Este trabalho apresenta um estudo de caso de demarcação do
perímetro de um destes Núcleos a partir da execução do Plano Diretor
Participativo 2005 – 2050 no município de Itaúna – M.G. e na Comunidade Rural de
Córrego do Soldado.
Palavras - chave: demarcação de perímetros urbanos e rurais,
planos diretores participativos.
ABSTRACT
Along the time, the economical and demographic growth can be
considered slow in most of the countries. Until the century XIX, the men were
essentially farmers. But, starting from the century XX, happened a demographic
transformation of multiple effects that started to be more relevant to the
changes economical, social, politics and cultural that were produced since the
beginning of the century XIX and ended for culminating in the denominated
Industrial Revolution.

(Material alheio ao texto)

(* Let $q_0>0$, $\alpha,\beta\in\mathbb{R}$, $\theta_+\in(0,\pi)$ with $\beta\neq2q_0\cos\theta_+$, and $$q(x,t)=q_0e^{i(\alpha t+\beta x)}\Big[\cos\theta_++i\sin\theta_+\tanh\Big(q_0\sin\theta_+\Big(x-\frac{\alpha t}{\beta-2q_0\cos\theta_+}\Big)\Big)\Big].$$ Define $s(x,t)=\int_x^\infty\partial_t\big(q(x',t)q(-x',-t)\big)\,dx'+\frac{\alpha\beta}{2}$. Then $q$ and $s$ are smooth, $q_{xt}+2sq=0$ on $\mathbb{R}^2$, $s_x=-\partial_t\big(q(x,t)q(-x,-t)\big)$, $s(-x,-t)=s(x,t)$, $s(x,t)\to\alpha\beta/2$ as $|x|\to\infty$, and $q(x,t)\to q_0e^{i(\alpha t+\beta x\pm\theta_+)}$ as $x\to\pm\infty$. *)

From Stdlib Require Import Reals.
Open Scope R_scope.

Definition CC := (R * R)%type.
Definition Cre (z : CC) : R := fst z.
Definition Cim (z : CC) : R := snd z.
Definition Cadd (z w : CC) : CC := (Cre z + Cre w, Cim z + Cim w).
Definition Csub (z w : CC) : CC := (Cre z - Cre w, Cim z - Cim w).
Definition Copp (z : CC) : CC := (- Cre z, - Cim z).
Definition Cmul (z w : CC) : CC :=
  (Cre z * Cre w - Cim z * Cim w, Cre z * Cim w + Cim z * Cre w).
Definition RtoC (r : R) : CC := (r, 0).
Definition Cnorm (z : CC) : R := sqrt (Cre z ^ 2 + Cim z ^ 2).
Definition Cexpi (phi : R) : CC := (cos phi, sin phi).

Definition continuous2 (f : R -> R -> R) : Prop :=
  forall x t eps, 0 < eps -> exists delta, 0 < delta /\
    forall x' t', Rabs (x' - x) < delta -> Rabs (t' - t) < delta ->
      Rabs (f x' t' - f x t) < eps.

Definition partial_x (f g : R -> R -> R) : Prop :=
  forall x t, derivable_pt_lim (fun y => f y t) x (g x t).
Definition partial_t (f g : R -> R -> R) : Prop :=
  forall x t, derivable_pt_lim (fun y => f x y) t (g x t).

(** C^infinity on R^2: all iterated partial derivatives exist and are
    (jointly) continuous; D i j is d_x^i d_t^j f. *)
Definition smooth2 (f : R -> R -> R) : Prop :=
  exists D : nat -> nat -> R -> R -> R,
    D 0%nat 0%nat = f /\
    (forall i j, partial_x (D i j) (D (S i) j)) /\
    (forall i j, partial_t (D i j) (D i (S j))) /\
    (forall i j, continuous2 (D i j)).

Definition Cre2 (f : R -> R -> CC) := fun x t => Cre (f x t).
Definition Cim2 (f : R -> R -> CC) := fun x t => Cim (f x t).
Definition Csmooth2 (f : R -> R -> CC) : Prop :=
  smooth2 (Cre2 f) /\ smooth2 (Cim2 f).
Definition Cpartial_x (f g : R -> R -> CC) : Prop :=
  partial_x (Cre2 f) (Cre2 g) /\ partial_x (Cim2 f) (Cim2 g).
Definition Cpartial_t (f g : R -> R -> CC) : Prop :=
  partial_t (Cre2 f) (Cre2 g) /\ partial_t (Cim2 f) (Cim2 g).

Definition improper_int_to (f : R -> R) (a L : R) : Prop :=
  (forall b, a <= b -> exists _ : Riemann_integrable f a b, True) /\
  (forall eps, 0 < eps -> exists M, forall b (pr : Riemann_integrable f a b),
      a <= b -> M <= b -> Rabs (RiemannInt pr - L) < eps).
Definition Cimproper_int_to (f : R -> CC) (a : R) (L : CC) : Prop :=
  improper_int_to (fun y => Cre (f y)) a (Cre L) /\
  improper_int_to (fun y => Cim (f y)) a (Cim L).

Definition qsol (q0 alpha beta thp : R) (x t : R) : CC :=
  Cmul (RtoC q0)
    (Cmul (Cexpi (alpha * t + beta * x))
       (cos thp,
        sin thp * tanh (q0 * sin thp *
                        (x - alpha * t / (beta - 2 * q0 * cos thp))))).

Definition qprod (q : R -> R -> CC) (x t : R) : CC := Cmul (q x t) (q (- x) (- t)).

From Stdlib Require Import Reals Lra FunctionalExtensionality.
Open Scope R_scope.
Lemma first_diff_spec (w w' : seq) : w <> w' ->
  w (first_diff w w') <> w' (first_diff w w') /\ agree (first_diff w w') w w'.
Proof.
  intros Hne. unfold first_diff. apply epsilon_spec.
  assert (Hex : exists n, w n <> w' n).
  { apply NNPP. intros Hn. apply Hne, functional_extensionality. intros x.
    apply NNPP. intros Hx. apply Hn. eauto. }
  destruct Hex as [n Hn].
  induction n as [n IH] using (well_founded_induction Nat.lt_wf_0).
  destruct (classic (agree n w w')) as [Hall|Hno]; [eauto|].
  apply not_all_ex_not in Hno. destruct Hno as [k Hk].
  apply imply_to_and in Hk. destruct Hk as [Hk1 Hk2]. now apply (IH k).
Qed.

Lemma agree_first_diff (n : nat) (w w' : seq) :
  w <> w' -> (n <= first_diff w w')%nat -> agree n w w'.
Proof. intros Hne Hn. apply (agree_le _ _ _ _ Hn), first_diff_spec, Hne. Qed.

Lemma first_diff_agree (n : nat) (w w' : seq) :
  w <> w' -> agree n w w' -> (n <= first_diff w w')%nat.
Proof.
  intros Hne H. destruct (first_diff_spec w w' Hne) as [Hd _].
  destruct (Nat.le_gt_cases n (first_diff w w')) as [|Hlt]; [assumption|].
  exfalso. now apply Hd, H.
Qed.

Lemma dtheta_diag (th : R) (w : seq) : dtheta th w w = 0.
Proof. unfold dtheta. destruct (excluded_middle_informative (w = w)); tauto. Qed.

Lemma dtheta_neq (th : R) (w w' : seq) : w <> w' -> dtheta th w w' = th ^ first_diff w w'.
Proof. intros. unfold dtheta. destruct (excluded_middle_informative (w = w')); tauto. Qed.

Lemma dtheta_agree (th : R) (n : nat) (w w' : seq) :
  0 <= th <= 1 -> agree n w w' -> dtheta th w w' <= th ^ n.
Proof.
  intros Hth H. destruct (excluded_middle_informative (w = w')) as [->|Hne].
  - rewrite dtheta_diag. now apply pow_le.
  - rewrite dtheta_neq by assumption. apply pow_decr; [lra|]. now apply first_diff_agree.
Qed.

Lemma lub_nonneg (E : R -> Prop) : (forall r, E r -> 0 <= r) -> 0 <= real (Lub_Rbar E).
Proof.
  intros H. destruct (Lub_Rbar_correct E) as [Hub Hl].
  destruct (Lub_Rbar E) as [r| |] eqn:Hq; simpl; try lra.
  destruct (classic (exists r, E r)) as [[r0 Hr]|Hn].
  - specialize (Hub r0 Hr). specialize (H r0 Hr). simpl in Hub. lra.
  - assert (Hb : is_ub_Rbar E (Finite (r - 1))) by (intros x Hx; exfalso; eauto).
    specialize (Hl _ Hb). simpl in Hl. lra.
Qed.

Lemma lub_le (E : R -> Prop) (B : R) :
  0 <= B -> (forall r, E r -> r <= B) -> real (Lub_Rbar E) <= B.
Proof.
  intros HB H. destruct (Lub_Rbar_correct E) as [_ Hl].
  specialize (Hl (Finite B) H). destruct (Lub_Rbar E); simpl in *; lra.
Qed.

Lemma lub_ge (E : R -> Prop) (B r : R) :
  (forall r, E r -> r <= B) -> E r -> r <= real (Lub_Rbar E).
Proof.
  intros H Hr. destruct (Lub_Rbar_correct E) as [Hub Hl].
  specialize (Hl (Finite B) H). specialize (Hub r Hr). destruct (Lub_Rbar E); simpl in *; lra.
Qed.

Definition lipschitz (N : nat) (A : nat -> nat -> bool) (th L : R) (f : seq -> C) : Prop :=
  forall w w', in_sigma N A w -> in_sigma N A w' ->
    Cmod (f w - f w')%C <= L * dtheta th w w'.

Section Norms.

Variables (N : nat) (A : nat -> nat -> bool).

Lemma lipschitz_intro (th L : R) (f : seq -> C) : 0 < th ->
  (forall w w', in_sigma N A w -> in_sigma N A w' -> w <> w' ->
     Cmod (f w - f w')%C <= L * th ^ first_diff w w') ->
  lipschitz N A th L f.
Proof.
  intros Hth H w w' Hw Hw'. destruct (excluded_middle_informative (w = w')) as [->|Hne].
  - rewrite dtheta_diag, Rmult_0_r. replace (f w' - f w')%C with (RtoC 0) by ring.
    rewrite Cmod_0. lra.
  - rewrite dtheta_neq by assumption. now apply H.
Qed.

Lemma sup_norm_nonneg (f : seq -> C) : 0 <= sup_norm N A f.
Proof. apply lub_nonneg. intros r [w [_ ->]]. apply Cmod_ge_0. Qed.

Lemma lip_const_nonneg (th : R) (f : seq -> C) : 0 < th -> 0 <= lip_const N A th f.
Proof.
  intros Hth. apply lub_nonneg. intros r [w [w' [_ [_ [Hne ->]]]]].
  rewrite dtheta_neq by assumption. apply Rmult_le_pos; [apply Cmod_ge_0|].
  left. apply Rinv_0_lt_compat, pow_lt, Hth.
Qed.

Lemma norm_theta_nonneg (th : R) (f : seq -> C) : 0 < th -> 0 <= norm_theta N A th f.
Proof.
  intros Hth. pose proof (sup_norm_nonneg f). pose proof (lip_const_nonneg th f Hth).
  unfold norm_theta. lra.
Qed.

Lemma norm_theta_ext (th : R) (f g : seq -> C) :
  (forall w, in_sigma N A w -> f w = g w) -> norm_theta N A th f = norm_theta N A th g.
Proof.
  intros H. unfold norm_theta, sup_norm, lip_const.
  f_equal; f_equal; apply Lub_Rbar_eqset; intros r.
  - split; intros [w [Hw ->]]; exists w; rewrite H by assumption; auto.
  - split; intros [w [w' [Hw [Hw' [Hne ->]]]]]; exists w, w'; rewrite !H by assumption; auto.
Qed.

Starting from then, the agriculture changed; the trade
and the means of transportation had great growth. The cities multiplied and
started to be more important.
The division among the primary sections (agriculture and
livestock), secondary (industry) and tertiary (trade and services), increased in
world scale, and the population economically active, maid in the secondary
section, started to assume more importance in the workforce.
About 2,5 billion men and women live in the rural areas of the
whole planet, and 2 billion are farmers that cultivate about 1,5 billion
hectares, in other words, approximately 10% of the lands emerged. But the
distribution of the wealth that dispose those different groups doesn't
correspond to the distribution of the population. And this distribution of
wealth and resources are visible, mainly in the infrastructure absence offered
in the space that inhabits this population.
This situation if incorporate to the modification of the rural
ways (rural atmospheres) during the century XX and beginning of this century,
which hindered classification in rural front to the urban in a lot recognized
until then, it puts the discussion need of how to demarcate the perimeters of
the urban thirsts and of the rural space of the municipal districts.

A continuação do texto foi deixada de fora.